→ **What you are asked to do**: From the entries below, please output exactly the lines starting at the one containing "Lemma dotpBB_subopt (r1" and ending at the one containing "(forall r, Rset", both included.

(Records excerpted from a collection)
=== Begin Enclosure ===

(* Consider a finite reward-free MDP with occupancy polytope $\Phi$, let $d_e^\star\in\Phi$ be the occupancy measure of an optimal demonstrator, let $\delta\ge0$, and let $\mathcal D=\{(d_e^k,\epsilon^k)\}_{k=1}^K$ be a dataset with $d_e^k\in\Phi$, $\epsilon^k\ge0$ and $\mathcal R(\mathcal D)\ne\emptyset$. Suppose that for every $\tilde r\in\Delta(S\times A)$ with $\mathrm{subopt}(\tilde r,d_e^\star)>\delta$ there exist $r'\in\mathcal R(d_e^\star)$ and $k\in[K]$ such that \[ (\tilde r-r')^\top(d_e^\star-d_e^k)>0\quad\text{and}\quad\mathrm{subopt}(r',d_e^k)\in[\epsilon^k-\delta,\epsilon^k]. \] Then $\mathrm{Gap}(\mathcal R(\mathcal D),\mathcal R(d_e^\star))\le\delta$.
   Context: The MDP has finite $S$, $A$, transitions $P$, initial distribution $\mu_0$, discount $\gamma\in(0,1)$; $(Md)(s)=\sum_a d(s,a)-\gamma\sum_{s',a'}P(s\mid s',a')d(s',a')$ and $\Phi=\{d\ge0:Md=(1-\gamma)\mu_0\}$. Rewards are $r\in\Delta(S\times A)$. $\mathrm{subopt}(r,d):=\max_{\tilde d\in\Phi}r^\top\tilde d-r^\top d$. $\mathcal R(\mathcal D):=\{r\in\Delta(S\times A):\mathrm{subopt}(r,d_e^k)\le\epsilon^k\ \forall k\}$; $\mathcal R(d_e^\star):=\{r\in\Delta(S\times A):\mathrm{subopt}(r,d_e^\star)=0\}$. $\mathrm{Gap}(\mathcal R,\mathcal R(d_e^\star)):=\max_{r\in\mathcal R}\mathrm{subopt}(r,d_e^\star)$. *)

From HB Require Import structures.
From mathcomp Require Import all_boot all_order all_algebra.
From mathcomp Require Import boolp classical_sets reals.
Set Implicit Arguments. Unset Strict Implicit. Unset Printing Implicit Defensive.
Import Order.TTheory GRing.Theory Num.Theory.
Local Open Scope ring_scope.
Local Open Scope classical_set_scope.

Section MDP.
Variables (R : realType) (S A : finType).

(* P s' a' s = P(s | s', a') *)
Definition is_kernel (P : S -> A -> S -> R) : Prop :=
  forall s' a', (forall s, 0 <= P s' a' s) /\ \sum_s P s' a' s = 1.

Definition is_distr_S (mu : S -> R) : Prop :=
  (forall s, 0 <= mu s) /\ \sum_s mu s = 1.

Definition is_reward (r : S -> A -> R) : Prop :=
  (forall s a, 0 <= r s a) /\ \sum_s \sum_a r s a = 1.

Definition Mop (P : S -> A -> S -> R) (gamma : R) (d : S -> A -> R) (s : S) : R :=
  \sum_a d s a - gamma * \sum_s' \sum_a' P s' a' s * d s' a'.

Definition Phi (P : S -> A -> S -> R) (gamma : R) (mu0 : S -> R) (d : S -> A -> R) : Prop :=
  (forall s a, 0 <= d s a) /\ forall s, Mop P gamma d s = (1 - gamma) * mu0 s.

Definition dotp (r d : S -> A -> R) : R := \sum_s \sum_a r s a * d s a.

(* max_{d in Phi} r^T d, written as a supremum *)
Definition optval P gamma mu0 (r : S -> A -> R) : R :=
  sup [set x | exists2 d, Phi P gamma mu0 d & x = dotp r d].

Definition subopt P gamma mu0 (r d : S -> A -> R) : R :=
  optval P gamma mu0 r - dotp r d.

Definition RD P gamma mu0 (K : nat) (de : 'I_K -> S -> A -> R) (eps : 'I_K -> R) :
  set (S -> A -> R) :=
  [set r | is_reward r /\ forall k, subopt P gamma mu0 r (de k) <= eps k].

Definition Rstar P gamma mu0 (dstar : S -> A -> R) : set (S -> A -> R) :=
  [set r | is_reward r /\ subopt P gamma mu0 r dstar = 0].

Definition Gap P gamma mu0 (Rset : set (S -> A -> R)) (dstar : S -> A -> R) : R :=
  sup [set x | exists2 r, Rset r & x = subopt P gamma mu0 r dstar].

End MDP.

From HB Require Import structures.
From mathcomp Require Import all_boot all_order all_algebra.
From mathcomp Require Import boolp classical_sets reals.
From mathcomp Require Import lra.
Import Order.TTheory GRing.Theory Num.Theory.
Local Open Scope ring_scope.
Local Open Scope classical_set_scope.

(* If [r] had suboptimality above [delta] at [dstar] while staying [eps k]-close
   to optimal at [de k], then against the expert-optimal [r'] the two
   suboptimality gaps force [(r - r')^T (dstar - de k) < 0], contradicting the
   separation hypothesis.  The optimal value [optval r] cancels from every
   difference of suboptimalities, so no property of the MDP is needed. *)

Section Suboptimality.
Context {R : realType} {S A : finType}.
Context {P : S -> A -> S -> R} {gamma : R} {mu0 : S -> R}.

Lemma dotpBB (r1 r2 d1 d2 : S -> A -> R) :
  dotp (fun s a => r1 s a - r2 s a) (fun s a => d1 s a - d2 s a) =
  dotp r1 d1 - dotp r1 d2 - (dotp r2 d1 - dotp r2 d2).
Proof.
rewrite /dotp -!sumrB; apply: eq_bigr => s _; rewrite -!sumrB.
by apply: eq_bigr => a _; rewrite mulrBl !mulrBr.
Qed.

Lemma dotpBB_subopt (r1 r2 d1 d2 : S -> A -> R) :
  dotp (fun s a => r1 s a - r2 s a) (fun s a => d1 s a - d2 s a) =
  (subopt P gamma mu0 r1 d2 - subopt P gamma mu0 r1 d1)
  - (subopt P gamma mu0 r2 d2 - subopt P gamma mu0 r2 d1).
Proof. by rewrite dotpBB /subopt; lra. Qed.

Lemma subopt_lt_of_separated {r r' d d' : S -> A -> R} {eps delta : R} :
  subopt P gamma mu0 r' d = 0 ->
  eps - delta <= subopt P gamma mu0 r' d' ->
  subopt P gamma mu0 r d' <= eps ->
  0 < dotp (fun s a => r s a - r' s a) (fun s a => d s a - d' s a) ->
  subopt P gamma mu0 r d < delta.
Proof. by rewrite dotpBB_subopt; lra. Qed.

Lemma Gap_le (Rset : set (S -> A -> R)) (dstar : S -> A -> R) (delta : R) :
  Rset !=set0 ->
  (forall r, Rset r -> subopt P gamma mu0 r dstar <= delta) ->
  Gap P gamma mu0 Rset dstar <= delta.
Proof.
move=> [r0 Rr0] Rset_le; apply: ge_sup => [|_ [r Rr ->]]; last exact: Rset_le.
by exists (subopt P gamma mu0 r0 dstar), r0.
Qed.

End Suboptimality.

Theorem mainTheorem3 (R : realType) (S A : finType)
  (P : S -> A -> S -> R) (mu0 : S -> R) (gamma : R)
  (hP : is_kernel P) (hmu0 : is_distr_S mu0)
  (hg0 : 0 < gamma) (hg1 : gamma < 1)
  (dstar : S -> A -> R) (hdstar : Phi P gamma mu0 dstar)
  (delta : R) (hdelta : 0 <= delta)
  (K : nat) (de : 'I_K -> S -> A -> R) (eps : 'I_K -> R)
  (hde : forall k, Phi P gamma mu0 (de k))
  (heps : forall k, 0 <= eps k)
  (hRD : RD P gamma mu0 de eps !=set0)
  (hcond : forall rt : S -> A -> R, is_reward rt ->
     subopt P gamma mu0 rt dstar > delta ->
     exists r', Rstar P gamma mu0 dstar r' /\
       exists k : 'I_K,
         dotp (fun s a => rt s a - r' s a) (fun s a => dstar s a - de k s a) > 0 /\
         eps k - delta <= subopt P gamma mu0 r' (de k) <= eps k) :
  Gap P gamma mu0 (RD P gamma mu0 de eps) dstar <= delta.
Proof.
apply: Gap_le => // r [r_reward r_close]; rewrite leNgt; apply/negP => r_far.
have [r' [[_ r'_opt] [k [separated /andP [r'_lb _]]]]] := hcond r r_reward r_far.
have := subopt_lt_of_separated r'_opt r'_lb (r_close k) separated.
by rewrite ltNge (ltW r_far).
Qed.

=== End Enclosure ===

→ **Solved exercise**:
Lemma dotpBB_subopt (r1 r2 d1 d2 : S -> A -> R) :
  dotp (fun s a => r1 s a - r2 s a) (fun s a => d1 s a - d2 s a) =
  (subopt P gamma mu0 r1 d2 - subopt P gamma mu0 r1 d1)
  - (subopt P gamma mu0 r2 d2 - subopt P gamma mu0 r2 d1).
Proof. by rewrite dotpBB /subopt; lra. Qed.

Lemma subopt_lt_of_separated {r r' d d' : S -> A -> R} {eps delta : R} :
  subopt P gamma mu0 r' d = 0 ->
  eps - delta <= subopt P gamma mu0 r' d' ->
  subopt P gamma mu0 r d' <= eps ->
  0 < dotp (fun s a => r s a - r' s a) (fun s a => d s a - d' s a) ->
  subopt P gamma mu0 r d < delta.
Proof. by rewrite dotpBB_subopt; lra. Qed.

Lemma Gap_le (Rset : set (S -> A -> R)) (dstar : S -> A -> R) (delta : R) :
  Rset !=set0 ->
  (forall r, Rset r -> subopt P gamma mu0 r dstar <= delta) ->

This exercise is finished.